[LISTED ENTRIES]

(* For every $d\ge 2$, $\mu(\mathit{BF}(d))=2^{d+1}-2$.
   Context: Binary strings $c=c_0\cdots c_{d-1}$ have positions $0,\dots,d-1$ from the left; $c(i)$ is $c$ with bit $i$ complemented. $\mathit{BF}(d)$ has vertex set $\{[\ell,c]:\ell\in\{0,\dots,d\},\ c\in\{0,1\}^d\}$; for $\ell\in\{0,\dots,d-1\}$, $[\ell,c]$ is adjacent to $[\ell+1,c']$ iff $c'=c$ or $c'=c(\ell)$, and there are no other edges. For a connected graph $G$ and $X\subseteq V(G)$, two vertices $x,y$ are $X$-visible if some shortest $x,y$-path has no internal vertex in $X$; $X$ is a mutual-visibility set if every two vertices of $X$ are $X$-visible; $\mu(G)$ is the maximum size of a mutual-visibility set. *)

From mathcomp Require Import all_boot.
Set Implicit Arguments. Unset Strict Implicit. Unset Printing Implicit Defensive.

Section Visibility.
Variable T : finType.
Variable e : rel T.

(* p = [v1; ...; vk] is a walk from x to y: x - v1 - ... - vk = y ; length = size p *)
Definition walk (x y : T) (p : seq T) : bool := path e x p && (last x p == y).

Definition shortest (x y : T) (p : seq T) : Prop :=
  walk x y p /\ forall q, walk x y q -> size p <= size q.

(* internal vertices of the walk x :: p : all of them except x and last x p *)
Definition internal (x : T) (p : seq T) : seq T := behead (belast x p).

Definition Xvisible (X : {set T}) (x y : T) : Prop :=
  exists p, shortest x y p /\ all (fun v => v \notin X) (internal x p).

Definition mutual_visibility_set (X : {set T}) : Prop :=
  forall x y, x \in X -> y \in X -> x != y -> Xvisible X x y.

Definition is_mu (k : nat) : Prop :=
  (exists X : {set T}, mutual_visibility_set X /\ #|X| = k) /\
  (forall X : {set T}, mutual_visibility_set X -> #|X| <= k).
End Visibility.

(* Butterfly graph BF(d): vertices [l, c], l in {0..d}, c in {0,1}^d *)
Definition bf_vertex (d : nat) : finType := ('I_d.+1 * {ffun 'I_d -> bool})%type.

Definition flipb (d : nat) (c : {ffun 'I_d -> bool}) (i : 'I_d) : {ffun 'I_d -> bool} :=
  [ffun j => if j == i then ~~ c j else c j].

(* [l,c] -> [l+1,c'] with c' = c or c' = c(l) *)
Definition bf_arc (d : nat) (u v : bf_vertex d) : bool :=
  (val v.1 == (val u.1).+1) &&
  [exists i : 'I_d, (val i == val u.1) && ((v.2 == u.2) || (v.2 == flipb u.2 i))].
Lemma a_seq_block k Q r : 1 <= Q -> r < s ^ k ->
  p ^ k * a Q <= a (Q * s ^ k + r) /\ a (Q * s ^ k + r) + 1 <= p ^ k * (a Q + 1).
Proof.
  revert r; induction k as [|k IH]; intros r HQ Hr.
  - rewrite Nat.pow_0_r in *; replace r with 0 by lia; rewrite Nat.mul_1_r, Nat.add_0_r; lia.
  - assert (Hsk : 1 <= s ^ k) by (apply Nat.neq_0_lt_0, Nat.pow_nonzero; lia).
    assert (Hq : r / s < s ^ k) by (apply Nat.Div0.div_lt_upper_bound; simpl in Hr; lia).
    assert (Hd : r mod s < s) by (apply Nat.mod_upper_bound; lia).
    assert (E : Q * s ^ S k + r = s * (Q * s ^ k + r / s) + r mod s)
      by (rewrite (Nat.div_mod r s) at 1 by lia; simpl; nia).
    destruct (IH (r / s) HQ Hq) as [IH1 IH2].
    specialize (h_lt_p _ Hd).
    rewrite E, a_seq_digit, Nat.pow_succ_r' by nia; nia.
Qed.

Hypothesis h_incr : forall i j, i < j -> j < s -> h i < h j.

(* A nonzero last digit of N increases by one from N - 1 to N, and [h] is increasing with
   values below [p]; a last digit 0 comes from a carry, handled by induction on [N / s]. *)
Lemma a_seq_pred_le N : 1 <= N -> (p - 1) * a (N - 1) + h (s - 1) <= (p - 1) * a N.
Proof.
  induction N as [N IH] using (well_founded_induction Wf_nat.lt_wf); intros HN.
  assert (Htop : h (s - 1) < p) by (apply h_lt_p; lia).
  assert (EN : N = s * (N / s) + N mod s) by (apply Nat.div_mod; lia).
  assert (Hd : N mod s < s) by (apply Nat.mod_upper_bound; lia).
  set (q := N / s) in *; set (d := N mod s) in *.
  destruct d as [|d].
  - assert (Hq : 1 <= q) by nia.
    assert (IHq := IH q ltac:(nia) Hq).
    assert (E1 : N - 1 = s * (q - 1) + (s - 1)) by nia.
    rewrite E1, EN, Nat.add_0_r, a_seq_digit by nia.
    rewrite <- (Nat.add_0_r (s * q)), a_seq_digit by nia.
    nia.
  - assert (Hh : h d < h (S d)) by (apply h_incr; lia).
    destruct (Nat.eq_dec N 1) as [->|HN1].
    + assert (Ha1 := a_seq_digit 0 1 ltac:(lia) ltac:(lia)).
      rewrite Nat.mul_0_r in Ha1; simpl in Ha1 |- *.
      assert (h 0 < h 1) by (apply h_incr; lia).
      nia.
    + assert (E1 : N - 1 = s * q + d) by lia.
      rewrite E1, EN, !a_seq_digit by lia.
      nia.
Qed.

(* [(p - 1) a n + h (s - 1)] is exactly multiplied by [p] when a digit [s - 1] is appended to [n]. *)
Lemma a_seq_trailing N j : 1 <= N ->
  (p - 1) * a (N * s ^ j - 1) + h (s - 1) = p ^ j * ((p - 1) * a (N - 1) + h (s - 1)).
Proof.
  intros HN; induction j as [|j IH].
  - rewrite Nat.pow_0_r, Nat.mul_1_r, Nat.mul_1_l; reflexivity.
  - assert (Hsj : 1 <= s ^ j) by (apply Nat.neq_0_lt_0, Nat.pow_nonzero; lia).
    assert (E : N * s ^ S j - 1 = s * (N * s ^ j - 1) + (s - 1)) by (rewrite Nat.pow_succ_r'; nia).
    rewrite E, a_seq_digit, Nat.pow_succ_r', <- Nat.mul_assoc, <- IH by nia.
    assert (h (s - 1) < p) by (apply h_lt_p; lia); nia.
Qed.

[TASK TO COMPLETE] Copy each line of the material exactly as written.

[WORKED SOLUTION]
(* For every $d\ge 2$, $\mu(\mathit{BF}(d))=2^{d+1}-2$.
   Context: Binary strings $c=c_0\cdots c_{d-1}$ have positions $0,\dots,d-1$ from the left; $c(i)$ is $c$ with bit $i$ complemented. $\mathit{BF}(d)$ has vertex set $\{[\ell,c]:\ell\in\{0,\dots,d\},\ c\in\{0,1\}^d\}$; for $\ell\in\{0,\dots,d-1\}$, $[\ell,c]$ is adjacent to $[\ell+1,c']$ iff $c'=c$ or $c'=c(\ell)$, and there are no other edges. For a connected graph $G$ and $X\subseteq V(G)$, two vertices $x,y$ are $X$-visible if some shortest $x,y$-path has no internal vertex in $X$; $X$ is a mutual-visibility set if every two vertices of $X$ are $X$-visible; $\mu(G)$ is the maximum size of a mutual-visibility set. *)

From mathcomp Require Import all_boot.
Set Implicit Arguments. Unset Strict Implicit. Unset Printing Implicit Defensive.

Section Visibility.
Variable T : finType.
Variable e : rel T.

(* p = [v1; ...; vk] is a walk from x to y: x - v1 - ... - vk = y ; length = size p *)
Definition walk (x y : T) (p : seq T) : bool := path e x p && (last x p == y).

Definition shortest (x y : T) (p : seq T) : Prop :=
  walk x y p /\ forall q, walk x y q -> size p <= size q.

(* internal vertices of the walk x :: p : all of them except x and last x p *)
Definition internal (x : T) (p : seq T) : seq T := behead (belast x p).

Definition Xvisible (X : {set T}) (x y : T) : Prop :=
  exists p, shortest x y p /\ all (fun v => v \notin X) (internal x p).

Definition mutual_visibility_set (X : {set T}) : Prop :=
  forall x y, x \in X -> y \in X -> x != y -> Xvisible X x y.

Definition is_mu (k : nat) : Prop :=
  (exists X : {set T}, mutual_visibility_set X /\ #|X| = k) /\
  (forall X : {set T}, mutual_visibility_set X -> #|X| <= k).
End Visibility.

(* Butterfly graph BF(d): vertices [l, c], l in {0..d}, c in {0,1}^d *)
Definition bf_vertex (d : nat) : finType := ('I_d.+1 * {ffun 'I_d -> bool})%type.

Definition flipb (d : nat) (c : {ffun 'I_d -> bool}) (i : 'I_d) : {ffun 'I_d -> bool} :=
  [ffun j => if j == i then ~~ c j else c j].

(* [l,c] -> [l+1,c'] with c' = c or c' = c(l) *)
Definition bf_arc (d : nat) (u v : bf_vertex d) : bool :=
  (val v.1 == (val u.1).+1) &&
  [exists i : 'I_d, (val i == val u.1) && ((v.2 == u.2) || (v.2 == flipb u.2 i))].
Lemma a_seq_block k Q r : 1 <= Q -> r < s ^ k ->
  p ^ k * a Q <= a (Q * s ^ k + r) /\ a (Q * s ^ k + r) + 1 <= p ^ k * (a Q + 1).
Proof.
  revert r; induction k as [|k IH]; intros r HQ Hr.
  - rewrite Nat.pow_0_r in *; replace r with 0 by lia; rewrite Nat.mul_1_r, Nat.add_0_r; lia.
  - assert (Hsk : 1 <= s ^ k) by (apply Nat.neq_0_lt_0, Nat.pow_nonzero; lia).
    assert (Hq : r / s < s ^ k) by (apply Nat.Div0.div_lt_upper_bound; simpl in Hr; lia).
    assert (Hd : r mod s < s) by (apply Nat.mod_upper_bound; lia).
    assert (E : Q * s ^ S k + r = s * (Q * s ^ k + r / s) + r mod s)
      by (rewrite (Nat.div_mod r s) at 1 by lia; simpl; nia).
    destruct (IH (r / s) HQ Hq) as [IH1 IH2].
    specialize (h_lt_p _ Hd).
    rewrite E, a_seq_digit, Nat.pow_succ_r' by nia; nia.
Qed.

Hypothesis h_incr : forall i j, i < j -> j < s -> h i < h j.

(* A nonzero last digit of N increases by one from N - 1 to N, and [h] is increasing with
   values below [p]; a last digit 0 comes from a carry, handled by induction on [N / s]. *)
Lemma a_seq_pred_le N : 1 <= N -> (p - 1) * a (N - 1) + h (s - 1) <= (p - 1) * a N.
Proof.
  induction N as [N IH] using (well_founded_induction Wf_nat.lt_wf); intros HN.
  assert (Htop : h (s - 1) < p) by (apply h_lt_p; lia).
  assert (EN : N = s * (N / s) + N mod s) by (apply Nat.div_mod; lia).
  assert (Hd : N mod s < s) by (apply Nat.mod_upper_bound; lia).
  set (q := N / s) in *; set (d := N mod s) in *.
  destruct d as [|d].
  - assert (Hq : 1 <= q) by nia.
    assert (IHq := IH q ltac:(nia) Hq).
    assert (E1 : N - 1 = s * (q - 1) + (s - 1)) by nia.
    rewrite E1, EN, Nat.add_0_r, a_seq_digit by nia.
    rewrite <- (Nat.add_0_r (s * q)), a_seq_digit by nia.
    nia.
  - assert (Hh : h d < h (S d)) by (apply h_incr; lia).
    destruct (Nat.eq_dec N 1) as [->|HN1].
    + assert (Ha1 := a_seq_digit 0 1 ltac:(lia) ltac:(lia)).
      rewrite Nat.mul_0_r in Ha1; simpl in Ha1 |- *.
      assert (h 0 < h 1) by (apply h_incr; lia).
      nia.
    + assert (E1 : N - 1 = s * q + d) by lia.
      rewrite E1, EN, !a_seq_digit by lia.
      nia.
Qed.

(* [(p - 1) a n + h (s - 1)] is exactly multiplied by [p] when a digit [s - 1] is appended to [n]. *)
Lemma a_seq_trailing N j : 1 <= N ->
  (p - 1) * a (N * s ^ j - 1) + h (s - 1) = p ^ j * ((p - 1) * a (N - 1) + h (s - 1)).
Proof.
  intros HN; induction j as [|j IH].
  - rewrite Nat.pow_0_r, Nat.mul_1_r, Nat.mul_1_l; reflexivity.
  - assert (Hsj : 1 <= s ^ j) by (apply Nat.neq_0_lt_0, Nat.pow_nonzero; lia).
    assert (E : N * s ^ S j - 1 = s * (N * s ^ j - 1) + (s - 1)) by (rewrite Nat.pow_succ_r'; nia).
    rewrite E, a_seq_digit, Nat.pow_succ_r', <- Nat.mul_assoc, <- IH by nia.
    assert (h (s - 1) < p) by (apply h_lt_p; lia); nia.
Qed.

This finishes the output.